How can I use html agility to grab everything between <b> and <br>
See the question and my original answer on StackOverflowIt's not that easy because the original document is quite unstructured (not using a hierarchical layout, but a flat one), but here is how you can extract the main text fields with the Html Agility Pack:
HtmlDocument doc = new HtmlDocument();
doc.Load("yourDoc.Htm");
// Get A nodes that have an HREF attribute
foreach (HtmlNode node in doc.DocumentNode.SelectNodes("//b/a[@href]"))
{
// This will contain anchor's displayed text
string title = node.InnerText;
Console.WriteLine("title=" + title);
// Get the 1st BR, and then it's next sibling of TEXT type.
HtmlNode sizeNode = node.SelectSingleNode("../following-sibling::br[1]/following-sibling::text()");
Console.WriteLine(" size=" + sizeNode.InnerText.Trim());
// Get the 3nd BR, and then it's next sibling of TEXT type.
HtmlNode eanNode = node.SelectSingleNode("../following-sibling::br[2]/following-sibling::text()");
Console.WriteLine(" ean=" + eanNode.InnerText.Trim());
// Get the 3rd BR, and then it's next sibling of TEXT type.

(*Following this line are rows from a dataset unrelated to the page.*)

Section IndependentSum.
Context d (T : measurableType d) (R : realType) (P : probability T R).
Variable xis : nat -> T -> R.
Hypotheses (mxis : forall n, measurable_fun setT (xis n))
  (indep : mutually_independent P xis).

Definition joint_event (J : seq nat) (B : nat -> set R) : set T :=
  \big[setI/setT]_(j <- J) (xis j @^-1` B j).

Definition sum_ge (I : seq nat) (m : nat) : set T :=
  [set t | m%:R <= \sum_(i <- I) xis i t].

Lemma measurable_joint_event J B :
  (forall j, measurable (B j)) -> measurable (joint_event J B).
Proof. by move=> mB; apply: bigsetI_measurable => j _; exact: measurable_preimageT. Qed.

Lemma measurable_sum_ge I m : measurable (sum_ge I m).
Proof.
apply: measurable_preimageT (measurable_set_ge _); elim: I => [|i I IH].
  by under eq_fun do rewrite big_nil; exact: measurable_cst.
by under eq_fun do rewrite big_cons; exact: measurable_funD.
Qed.

Lemma joint_event_cons i J B C : i \notin J ->
  joint_event (i :: J) [eta B with i |-> C] = xis i @^-1` C `&` joint_event J B.
Proof.
move=> iJ; rewrite /joint_event big_cons /= eqxx; congr (_ `&` _).
by apply: eq_big_seq => j jJ /=; case: eqP => // ji; move: iJ; rewrite -ji jJ.
Qed.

HtmlNode upcNode = node.SelectSingleNode("../following-sibling::br[3]/following-sibling::text()");
Console.WriteLine(" upc=" + upcNode.InnerText.Trim());
}
This will display:
title=Peanut Delight Peanut Butter & Grape Jelly
size=Size: 18 oz
ean=GTIN/EAN-13: 0041498143909 / 00-41498-14390-9
upc=UPC-A: 041498143909 / 04149814390
title=Nabisco Nutter Butter Sandwich Cookie Bites Peanut Butter
size=Size: 10 oz
ean=GTIN/EAN-13: 0044000046118 / 00-44000-04611-8
upc=UPC-A: 044000046118 / 04400004611
title=Nabisco Nutter Butter Sandwich Cookies Chocolate Peanut Butter 4 Ct
size=Size: 12 oz
ean=GTIN/EAN-13: 0044000003562 / 00-44000-00356-2
upc=UPC-A: 044000003562 / 04400000356
etc...
NOTE: It's not 100% finished, as you'll have to parse the size, ean and upc variable using standard string manipulation (IndexOf, Substring, etc...) or Regex but the Html side of things is done.